The influence of radiotherapy on the last generation of ICD was assessedin vitro by Hurkmans et al.[13] Eleven ICDs have been irradiated with 6 MV photon beam with a cumulative dose of 120 Gy. The complete loss of function was observed in four ICDs with a cumulative dose level between 0.5 and 1.5 Gy. ICD, connected to an oscilloscope during the irradiation to mimicin vivo sensing and pacing conditions, showed inappropriate ventricular arrhythmia detection due to oversensing during irradiation in 4/11 cases, which would likely result in inappropriate shock in vivo. These data were not reproduced in more recent studies.[66]
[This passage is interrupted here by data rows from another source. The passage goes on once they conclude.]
(* With the notation below, for $1\le i\le r$ let $W_{p_i} = \eta_M(W) \cap \mathrm{GL}(e_i,p_i)$. Then: (a) $\eta_M(W) = W_{p_1}\times\cdots\times W_{p_r}$; (b) $W_{p_i} = \mathrm{Stab}_{C_{p_i}}([\epsilon_{p_i}])$ for $1 \le i \le r$.
   Context: Let $G$ be a finite group of $F$-class $\ge 1$ whose $F$-rank (the order $|\nu_0(G)/\nu_1(G)|$, where $\nu_0(G)=F(G)$ is the Fitting subgroup and $\nu_1(G)=\Phi(F(G))$) has prime divisors $p_1,\dots,p_r$, and $k=p_1\cdots p_r$. With $F$ free on $f_1,\dots,f_n$, $\mu:F\to G$ an epimorphism, $R=\ker\mu$, $L=\mu^{-1}(F(G))$, put $G^*=F/[R,L]R^k$ and $M=R/[R,L]R^k$, an abelian normal subgroup of $G^*$ with $G^*/M=G$. Then $M=M_{p_1}\times\cdots\times M_{p_r}$ with $M_{p_i}$ its Sylow $p_i$-subgroup, elementary abelian of rank $e_i$, so $\mathrm{Aut}(M)=\mathrm{GL}(e_1,p_1)\times\cdots\times\mathrm{GL}(e_r,p_r)$. $\mathrm{Aut}_M(G^* )$ is the group of automorphisms of $G^*$ leaving $M$ invariant; $\eta_G$ maps $\alpha$ to the induced automorphism of $G^*/M=G$, $\eta_M$ maps $\alpha$ to $\alpha|_M$, and $W=\ker\eta_G$. $G$ acts on $M$ via conjugation in $G^*$; $C_{p_i}$ is the centralizer in $\mathrm{Aut}(M_{p_i})=\mathrm{GL}(e_i,p_i)$ of the induced action of $G$ on $M_{p_i}$. Let $\epsilon\in Z^2(G,M)$ define $G^*$ as extension of $M$ by $G$ and write $\epsilon=\epsilon_{p_1}+\cdots+\epsilon_{p_r}$ with $\epsilon_{p_i}\in Z^2(G,M_{p_i})$ (using $Z^2(G,M)=\bigoplus_i Z^2(G,M_{p_i})$), and $[\epsilon_{p_i}]=\epsilon_{p_i}+B^2(G,M_{p_i})$. $C_{p_i}$ acts on $H^2(G,M_{p_i})$ via $c([\delta])=[c\circ\delta]$. *)

From HB Require Import structures.
From mathcomp Require Import all_boot all_fingroup all_solvable.
Set Implicit Arguments.
Unset Strict Implicit.
Unset Printing Implicit Defensive.
Local Open Scope group_scope.
Lemma pcentral_special_part : pcentral s t Z special_part.
Proof.
apply: pcentral_compat => [d r d_uw r_in|r r_in].
  pose nonspecial_part p := if nonspecial p then y p else 0.
  have split_y p : special_part p = -1 * nonspecial_part p + y p.
    rewrite /special_part /nonspecial_part.
    by case: ifP; rewrite ?mulr0 ?add0r ?mulN1r ?addNr.
  rewrite (eq_pconv t split_y (frefl d) r) (eq_pconv t (frefl d) split_y r).
  have supp p : nonspecial_part p != 0 -> nonspecial p.
    by rewrite /nonspecial_part; case: ifP; rewrite ?eqxx.
  by rewrite pconvDl pconvDr glued_comm // (pconv_nonspecial_comm supp d_uw r_in).
rewrite pconv_vertexl pconv_vertexr mulrC.
by have [->|/(special_part_loop r_in) ->] := eqVneq (special_part r) 0; rewrite ?mulr0.
Qed.

End GluedCentralElement.

End GluedCentre.

Section CentreDimension.
Variables (k : fieldType) (V Ar : finType) (s t : Ar -> V) (Z : seq (seq Ar)).
Variables (u w : V) (huw : u != w) (N NB : nat).
Hypothesis Z_ge2 : forall z, z \in Z -> (2 <= size z)%N.
Hypothesis fin_bound_A : fin_bound s t Z N.
Hypothesis fin_bound_B : fin_bound (sB s huw) (tB t huw) (ZB s t huw Z) NB.
Hypothesis indecomposable_A : indecomposable s t Z k N.
Local Notation sB := (sB s huw).
Local Notation tB := (tB t huw).
Local Notation ZB := (ZB s t huw Z).
Local Notation inA := (inBA s t Z).
Local Notation inB := (inBA sB tB ZB).
Local Notation glue := (glue_path huw).
Local Notation unglue := (@unglue_path V Ar s w).
Local Notation nonspecial := (nonspecial s t Z u w).
Local Notation bsA := (basis s t Z N).
Local Notation bsB := (basis sB tB ZB NB).
Local Notation dA := (size bsA).
Local Notation dB := (size bsB).
Local Notation gA := (tnth (in_tuple bsA)).
Local Notation gB := (tnth (in_tuple bsB)).
Local Notation CA := (kermx (lin1_mx (commf s t Z k N))).
Local Notation CB := (kermx (lin1_mx (commf sB tB ZB k NB))).

Definition unglue_mx : 'M[k]_(dA, dB) := \matrix_(i, j) (gA i == unglue (gB j))%:R.
Definition glue_mx : 'M[k]_(dB, dA) := \matrix_(j, i) (gB j == glue (gA i))%:R.

Lemma unglue_mxE (x : 'rV[k]_dA) : x *m unglue_mx = row_of bsB (coord x \o unglue).
Proof. by apply/rowP => j; rewrite !mxE; apply: eq_bigr => i _; rewrite !mxE. Qed.

Lemma glue_mxE (x : 'rV[k]_dB) : x *m glue_mx = row_of bsA (coord x \o glue).
Proof. by apply/rowP => j; rewrite !mxE; apply: eq_bigr => i _; rewrite !mxE. Qed.

Lemma coord_unglue_mx (x : 'rV[k]_dA) q :
  inB q -> coord (x *m unglue_mx) q = coord x (unglue q).
Proof. by move=> q_in; rewrite unglue_mxE coord_row_of ?uniq_basis ?mem_basis. Qed.

Lemma coord_glue_mx (x : 'rV[k]_dB) p : inA p -> coord (x *m glue_mx) p = coord x (glue p).
Proof. by move=> p_in; rewrite glue_mxE coord_row_of ?uniq_basis ?mem_basis. Qed.

Lemma glue_mxK (x : 'rV[k]_dB) : x *m glue_mx *m unglue_mx = x.
Proof.
apply: (eq_coord (uniq_basis _ _ _ _)) => q; rewrite mem_basis // => q_in.
have /andP[valid_q _] := q_in; have uq_in : inA (unglue q) by apply: inBA_unglue q_in.
by rewrite coord_unglue_mx // coord_glue_mx // (unglue_pathK valid_q).
Qed.

Lemma unglue_mxK (x : 'rV[k]_dA) : coord x (u, [::]) = coord x (w, [::]) ->
  x *m unglue_mx *m glue_mx = x.
Proof.
move=> x_uw; apply: (eq_coord (uniq_basis _ _ _ _)) => p; rewrite mem_basis // => p_in.
by rewrite coord_glue_mx // coord_unglue_mx ?inBA_glue // (unglue_glue_compat _ x_uw p_in).
Qed.

Lemma row_free_glue_mx : row_free glue_mx.
Proof.
apply/row_freeP; exists unglue_mx; apply/row_matrixP => j.
by rewrite row_mul rowE glue_mxK row1.
Qed.

Lemma sub_centreA (x : 'rV[k]_dA) : (x <= CA)%MS <-> pcentral s t Z (coord x).
Proof. exact: iff_trans (sub_kermx_commf fin_bound_A x) (centralE fin_bound_A x). Qed.

Lemma sub_centreB (x : 'rV[k]_dB) : (x <= CB)%MS <-> pcentral sB tB ZB (coord x).
Proof. exact: iff_trans (sub_kermx_commf fin_bound_B x) (centralE fin_bound_B x). Qed.

Lemma centreA_compat (x : 'rV[k]_dA) :
  (x <= CA)%MS -> coord x (u, [::]) = coord x (w, [::]).
Proof. by move/sub_centreA; apply: pcentral_trivial_eq indecomposable_A. Qed.

Lemma unglue_mx_centre (x : 'rV[k]_dA) : (x <= CA)%MS -> (x *m unglue_mx <= CB)%MS.
Proof.
move=> x_in; apply/sub_centreB/(pcentral_in (c' := coord x \o unglue)) => [q|].
  exact: coord_unglue_mx.
exact/pcentral_unglue_central/sub_centreA/x_in/centreA_compat.
Qed.

Definition nonspecial_idx := [seq i <- enum 'I_dA | nonspecial (gA i)].
Local Notation m := (size nonspecial_idx).
Local Notation gN := (tnth (in_tuple nonspecial_idx)).

Definition nonspecial_mx : 'M[k]_(m, dA) := \matrix_(a, i) (gN a == i)%:R.
Local Notation T := nonspecial_mx.

Lemma size_nonspecial_idx : m = nsp s t Z N u w.
Proof.
have gA_enum : map gA (enum 'I_dA) = bsA := map_tnth_enum (in_tuple bsA).
by rewrite size_filter -count_nonspecial -[in RHS]gA_enum count_map.
Qed.

Lemma nonspecial_mx_trmx : T *m T^T = 1%:M.
Proof.
have gN_inj : injective gN by apply/tuple_uniqP/filter_uniq/enum_uniq.
apply/matrixP => a b; rewrite !mxE (bigD1 (gN a)) //= !mxE eqxx mul1r big1 ?addr0.
  by rewrite (inj_eq gN_inj) eq_sym.
by move=> i /negbTE neq_i; rewrite !mxE [gN a == i]eq_sym neq_i mul0r.
Qed.

Lemma rank_nonspecial_mx : \rank T = nsp s t Z N u w.
Proof.
apply/eqP; rewrite -size_nonspecial_idx eqn_leq rank_leq_row /=.
by have := mxrankM_maxl T T^T; rewrite nonspecial_mx_trmx mxrank1.
Qed.

Lemma nonspecial_proj_entry j i : (T^T *m T) j i = ((j == i) && nonspecial (gA i))%:R.
Proof.
have gN_inj : injective gN by apply/tuple_uniqP/filter_uniq/enum_uniq.
rewrite !mxE; case ns_i: (nonspecial (gA i)); last first.
  rewrite andbF big1 // => a _; rewrite !mxE.
  have [gNa|_] := eqVneq (gN a) i; rewrite ?mulr0 //.
  by move: (mem_tnth a (in_tuple nonspecial_idx)); rewrite /= gNa mem_filter /= ns_i.
have : i \in nonspecial_idx by rewrite mem_filter ns_i mem_enum.
case/(tnthP (in_tuple nonspecial_idx)) => a gNa.
rewrite (bigD1 a) //= big1 ?addr0 => [|b neq_ba].
  by rewrite !mxE -gNa eqxx mulr1 andbT eq_sym.
by rewrite !mxE gNa (inj_eq gN_inj) (negbTE neq_ba) mulr0.
Qed.

Lemma coord_nonspecial_proj (y : 'rV[k]_dA) p : inA p ->
  coord (y *m (T^T *m T)) p = (nonspecial p)%:R * coord y p.
Proof.
rewrite -(mem_basis fin_bound_A) => /(tnthP (in_tuple bsA)) [i ->].
rewrite !coord_tnth ?uniq_basis // mxE (bigD1 i) //= big1 ?addr0 => [|j neq_ji].
  by rewrite nonspecial_proj_entry eqxx mulrC.
by rewrite nonspecial_proj_entry (negbTE neq_ji) mulr0.
Qed.

Lemma sub_nonspecial_mx (x : 'rV[k]_dA) :
  (x <= T)%MS -> forall p, coord x p != 0 -> nonspecial p.
Proof.
case/submxP => z -> p; have [p_in|p_out] := boolP (inA p); last first.
  by rewrite coord_notin ?eqxx // mem_basis.
have -> : z *m T = z *m T *m (T^T *m T).
  by rewrite mulmxA -(mulmxA z) nonspecial_mx_trmx mulmx1.
by rewrite coord_nonspecial_proj //; case: (nonspecial p); rewrite ?mul0r ?eqxx.
Qed.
In a large prospective study involving 34,706 patients undergoing radiotherapy, 261 had a CIED (207 – PM and 54 – ICD). In 3.4% of patients, CIED relocation was performed before radiotherapy.[46] During the study, 63.2% of patients required continuous monitoring, 14.6% required device reprogramming, and 18.8% required magnet application before radiotherapy. Device malfunction was found in four patients (1.5%): three had ventricular pacing at the maximum sensor rate and one patient had a complete ICD reset with an irradiation of 18 MV photons.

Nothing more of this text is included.